Yield potentials of traditional colored rice genotypes
The presence of variability is a prerequisite for any breeding program. We found significant variation among the colored rice genotypes for yield and component traits presented in Table 3. Dimrou showed early flowering (90 days) and early maturing (106.5 days) genotypes displayed in mean Table 4. However, the highest panicle length (32.38 cm) and plant height (137.97 cm) were observed in Khau Pakhi 1, which is a local traditional germplasm of Arunachal Pradesh. The highest spikelet fertility was observed in the genotype Krishna (89.48%); in which a high Zn breeding line, IR95048:1-B-11-20-10-GBS recorded the highest 1000-grain weight (30.22 g). The highest (32.73 g) seed yield per plant was recorded for Jengoni, which was more than the check variety Bahadur (28.67 g). Other high-yielding genotypes recorded were Kajoli chokuwa (28.25 g), Khau Pakhi 1(26.03 g), Joha Bora (23.38 g), and Herapoa (23.09 g). The highest (55.75%) harvest index was observed for the Kajoli chokuwa genotype.

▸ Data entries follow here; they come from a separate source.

(* The quantity F_d (m^ o S_p conj(m^)) is d times a twisted autocorrelation
   of m: expanding both DFTs, the sum over the outer frequency collapses by
   orthogonality of the characters. *)
Lemma dft_autocorr (m : vec d) (p q : int) :
  vget (dft (hadamard (dft m) (shift p (conjv (dft m))))) q =
  d%:R * autocorr m (zmodn p) (zmodn q).
Proof.
set w := omega d; have prim_w := omega_prim d_gt0.
have w_conj : w^* = w ^+ d.-1 := unity_conj d_gt0 (prim_expr_order prim_w).
set P := zmodn p; set Q := zmodn q.
have conj_dft (n : 'I_d) : vget (conjv (dft m)) (n%:Z + p) =
    (\sum_(l < d) w ^+ ((n + P) * l) * m l)^*.
  rewrite (@vgetE _ _ (ordmod (n + P))) /conjv /dft; last first.
    by rewrite /= -modz_nat PoszD /P -zmodnE modzDmr.
  congr (_^*); apply: eq_bigr => l _ /=.
  by rewrite -/w exprM (prim_expr_mod prim_w) -exprM.
rewrite (@vgetE _ _ (Ordinal (zmodn_lt q))) ?zmodnE //.
transitivity (\sum_(n < d) \sum_(k < d) \sum_(l < d)
   (m k * (m l)^* * w ^+ (d.-1 * P * l)) * w ^+ (n * (Q + k + d.-1 * l))).
  rewrite /dft /hadamard /shift /=; apply: eq_bigr => n _; rewrite conj_dft.
  rewrite rmorph_sum /= mulr_suml mulr_sumr; apply: eq_bigr => k _.
  rewrite mulr_sumr mulr_sumr; apply: eq_bigr => l _.
  rewrite rmorphM rmorphXn /= w_conj -exprM.
  have exponent : (Q * n + n * k + d.-1 * ((n + P) * l) =
            d.-1 * P * l + n * (Q + k + d.-1 * l))%N by nia.
  transitivity (m k * (m l)^* *
    (w ^+ (Q * n) * w ^+ (n * k) * w ^+ (d.-1 * ((n + P) * l)))).
    by rewrite -/w; ring.
  by rewrite -!exprD exponent exprD mulrA.
(* Summing over n first leaves only l = Q + k (mod d). *)
rewrite exchange_big /=; under eq_bigr => k _ do rewrite exchange_big /=.
under eq_bigr => k _ do under eq_bigr => l _ do rewrite -mulr_sumr prim_sum_expr //.
rewrite /autocorr mulr_sumr; apply: eq_bigr => k _.
rewrite (bigD1 (ordmod (Q + k))) //= big1 => [|l l_neq]; last first.
  rewrite dvdn_add_predM_mod //.
  have -> : (l == ((Q + k) %% d)%N :> nat) = false.
    by apply/negbTE; apply: contra l_neq => /eqP l_eq; apply/eqP/val_inj.
  by rewrite mulr0.
by rewrite dvdn_add_predM_mod ?ltn_pmod // eqxx addr0 mulrC.
Qed.

End DFT.

Lemma sum_neq0_dominant (I : finType) (x b : I -> algC) (i0 : I) :
  (forall i, i != i0 -> `|x i| <= b i) -> \sum_(i | i != i0) b i < `|x i0| ->
  \sum_i x i != 0.
Proof.
move=> x_le_b dom; rewrite (bigD1 i0) //= addr_eq0; apply/eqP => x_i0.
have : `|x i0| <= \sum_(i | i != i0) b i.
  by rewrite x_i0 normrN (le_trans (ler_norm_sum _ _ _)) // ler_sum.
by move/(lt_le_trans dom); rewrite ltxx.
Qed.

Lemma sum_below_except (d dl : nat) (B : algC) (k0 : 'I_d) :
  (dl <= d)%N -> (k0 < dl)%N ->
  \sum_(k < d | k != k0) (if (k < dl)%N then B else 0) = dl.-1%:R * B.
Proof.
move=> dl_le k0_lt; apply: (addrI B).
have -> : B + dl.-1%:R * B = dl%:R * B.
  by case: (dl) k0_lt => // n _; rewrite -natr1 mulrDl mul1r addrC.
have full : \sum_(k < d) (if (k < dl)%N then B else 0) = dl%:R * B.
  rewrite -(big_mkord xpredT (fun k => if (k < dl)%N then B else 0)).
  rewrite (big_cat_nat (leq0n dl) dl_le) /=.
  rewrite (@eq_big_nat _ _ _ 0 dl _ (fun _ => B)) => [|k /andP[_ ->]] //.
  rewrite (@eq_big_nat _ _ _ dl d _ (fun _ => 0)) => [|k /andP[dl_le_k _]]; last first.
    by rewrite ltnNge dl_le_k.
  by rewrite big1_eq addr0 sumr_const_nat subn0 mulr_natl.
by rewrite -full [RHS](bigD1 k0) //= k0_lt.
Qed.

Definition amp (d : nat) (m : vec d) (j : nat) : algC := `|vget m j%:Z|.

Section AutocorrEstimate.

Variables (d dl : nat) (d_gt0 : (0 < d)%N) (m : vec d).
Hypotheses (dl_gt0 : (0 < dl)%N) (dl_le : (dl.*2.-1 <= d)%N)
  (m_supp : forall i : 'I_d, (dl <= i)%N -> m i = 0)
  (amp_dom : dl.-1%:R * amp m 1 < amp m 0)
  (amp_step : forall j, (1 <= j)%N -> (j.+1 <= dl.-1)%N -> amp m j.+1 <= amp m j)
  (amp_last : 0 < amp m dl.-1).

Lemma amp_ordmod (j : nat) : amp m j = `|m (ordmod d_gt0 j)|.
Proof. by rewrite /amp vget_nat. Qed.

Lemma amp_ord (k : 'I_d) : amp m k = `|m k|.
Proof. by rewrite amp_ordmod; congr `|m _|; apply: val_inj; rewrite /= modn_small. Qed.

Lemma amp_addd (j : nat) : amp m (j + d) = amp m j.
Proof. by rewrite !amp_ordmod; congr `|m _|; apply: val_inj; rewrite /= modnDr. Qed.

Lemma amp_out (j : nat) : (dl <= j)%N -> (j < d)%N -> amp m j = 0.
Proof. by move=> dl_le_j j_lt; rewrite amp_ordmod m_supp ?normr0 //= modn_small. Qed.

Lemma amp_noninc (i j : nat) : (i <= j)%N -> (j < d)%N -> amp m j <= amp m i.
Proof.
move=> i_le_j j_lt; have [dl_le_j|j_lt_dl] := leqP dl j.
  by rewrite amp_out ?normr_ge0.
have step (n : nat) : (n.+1 < dl)%N -> amp m n.+1 <= amp m n.
  case: n => [one_lt_dl|n n_lt]; last by apply: amp_step; lia.
  apply: le_trans (ltW amp_dom); apply: ler_peMl; first exact: normr_ge0.
  by rewrite ler1n; lia.
elim: j i_le_j j_lt j_lt_dl => [|j IH]; first by rewrite leqn0 => /eqP ->.
rewrite leq_eqVlt => /orP [/eqP -> //|i_lt] j_lt j_lt_dl.
by apply: le_trans (IH _ _ _) => //; [apply: step | lia | lia].
Qed.

Lemma amp_pos (i : nat) : (i < dl)%N -> 0 < amp m i.
Proof.
case: i => [_|i i_lt]; last by apply: lt_le_trans amp_last _; apply: amp_noninc; lia.
by apply: le_lt_trans amp_dom; rewrite mulr_ge0 ?ler0n ?normr_ge0.
Qed.

Lemma autocorr_term_norm (P Q : nat) (k : 'I_d) :
  `|m k * (m (ordmod d_gt0 (Q + k)))^* * omega d ^+ (d.-1 * P * ((Q + k) %% d))|
  = amp m k * amp m (Q + k).
Proof.
have w_norm := unity_norm d_gt0 (prim_expr_order (omega_prim d_gt0)).
by rewrite !normrM norm_conjC normrX w_norm expr1n mulr1 amp_ord amp_ordmod.
Qed.

(* Nonnegative lag r: the term k = 0, of size |a_0 a_r|, dominates the
   dl - 1 other terms of the support, each at most |a_1 a_r|. *)
Lemma autocorr_lag_neq0 (P r : nat) : (r < dl)%N -> autocorr d_gt0 m P r != 0.
Proof.
move=> r_lt; have dl_le_d : (dl <= d)%N by lia.
apply: (@sum_neq0_dominant _ _
  (fun k : 'I_d => if (k < dl)%N then amp m 1 * amp m r else 0) (Ordinal d_gt0)).
  move=> k k_neq0; rewrite autocorr_term_norm.
  have k_ge1 : (1 <= k)%N.
    by rewrite lt0n; apply: contra k_neq0 => /eqP k0; apply/eqP/val_inj.
  case: ifP => [k_lt|/negbT]; last by rewrite -leqNgt => dl_le_k; rewrite amp_out ?mul0r.
  by apply: ler_pM; rewrite ?normr_ge0 //; apply: amp_noninc; lia.
rewrite autocorr_term_norm sum_below_except //=.
by rewrite addn0 mulrA ltr_pM2r ?amp_pos.
Qed.

(* Negative lag -r: the term k = r, of size |a_r a_0|, dominates; for k < r
   the partner index k - r + d lies in the zero padding [dl, d), and the
   terms with r < k < dl are at most |a_r a_1|. *)
Lemma autocorr_neg_lag_neq0 (P r : nat) : (0 < r < dl)%N ->
  autocorr d_gt0 m P (d - r) != 0.
Proof.
move=> /andP [r_gt0 r_lt]; have r_lt_d : (r < d)%N by lia.
apply: (@sum_neq0_dominant _ _
  (fun k : 'I_d => if (k < dl)%N then amp m r * amp m 1 else 0) (Ordinal r_lt_d)).
  move=> k k_neq_r; rewrite autocorr_term_norm.
  have kr : (k != r :> nat) by apply: contra k_neq_r => /eqP kr; apply/eqP/val_inj.
  case: ifP => [k_lt|/negbT]; last by rewrite -leqNgt => dl_le_k; rewrite amp_out ?mul0r.
  have [k_lt_r|r_lt_k] := ltnP k r.
    by rewrite [amp m (_ + _)]amp_out ?mulr0 ?mulr_ge0 ?normr_ge0 //; lia.
  rewrite (_ : (d - r + k = (k - r) + d)%N); last by lia.
  by rewrite amp_addd; apply: ler_pM; rewrite ?normr_ge0 //; apply: amp_noninc; lia.
rewrite autocorr_term_norm sum_below_except //=; last by lia.
rewrite (_ : (d - r + r = 0 + d)%N); last by lia.
by rewrite amp_addd mulrCA ltr_pM2l ?amp_pos.
Qed.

Additive gene effects in pigmented rice genotypes
High genotypic and phenotypic coefficients of variation were observed for grain yield per plant, yield per plant, and harvest index. High broad-sense heritability was observed for all the characters presented in Table 5 and Fig. 2. The genetic advance was high for plant height, days to maturity, 1000-grain weight, decorticated grain length, length breadth ratio, seed yield per plant, biological yield per plant and harvest index. Heritability estimates in broad-sense, GCVs, and PCVs were high for grain yield per plant, biological yield per plant, and harvest index. The plant height, days to maturity, 1000-grain weight, decorticated grain length, length breadth ratio, seed yield per plant, biological yield per plant, and harvest index were recorded for high heritability in concurrence with high genetic advance, indicating additive gene effects. Thus, additive gene effects were predominant for these characters in colored rice of the NE region of India.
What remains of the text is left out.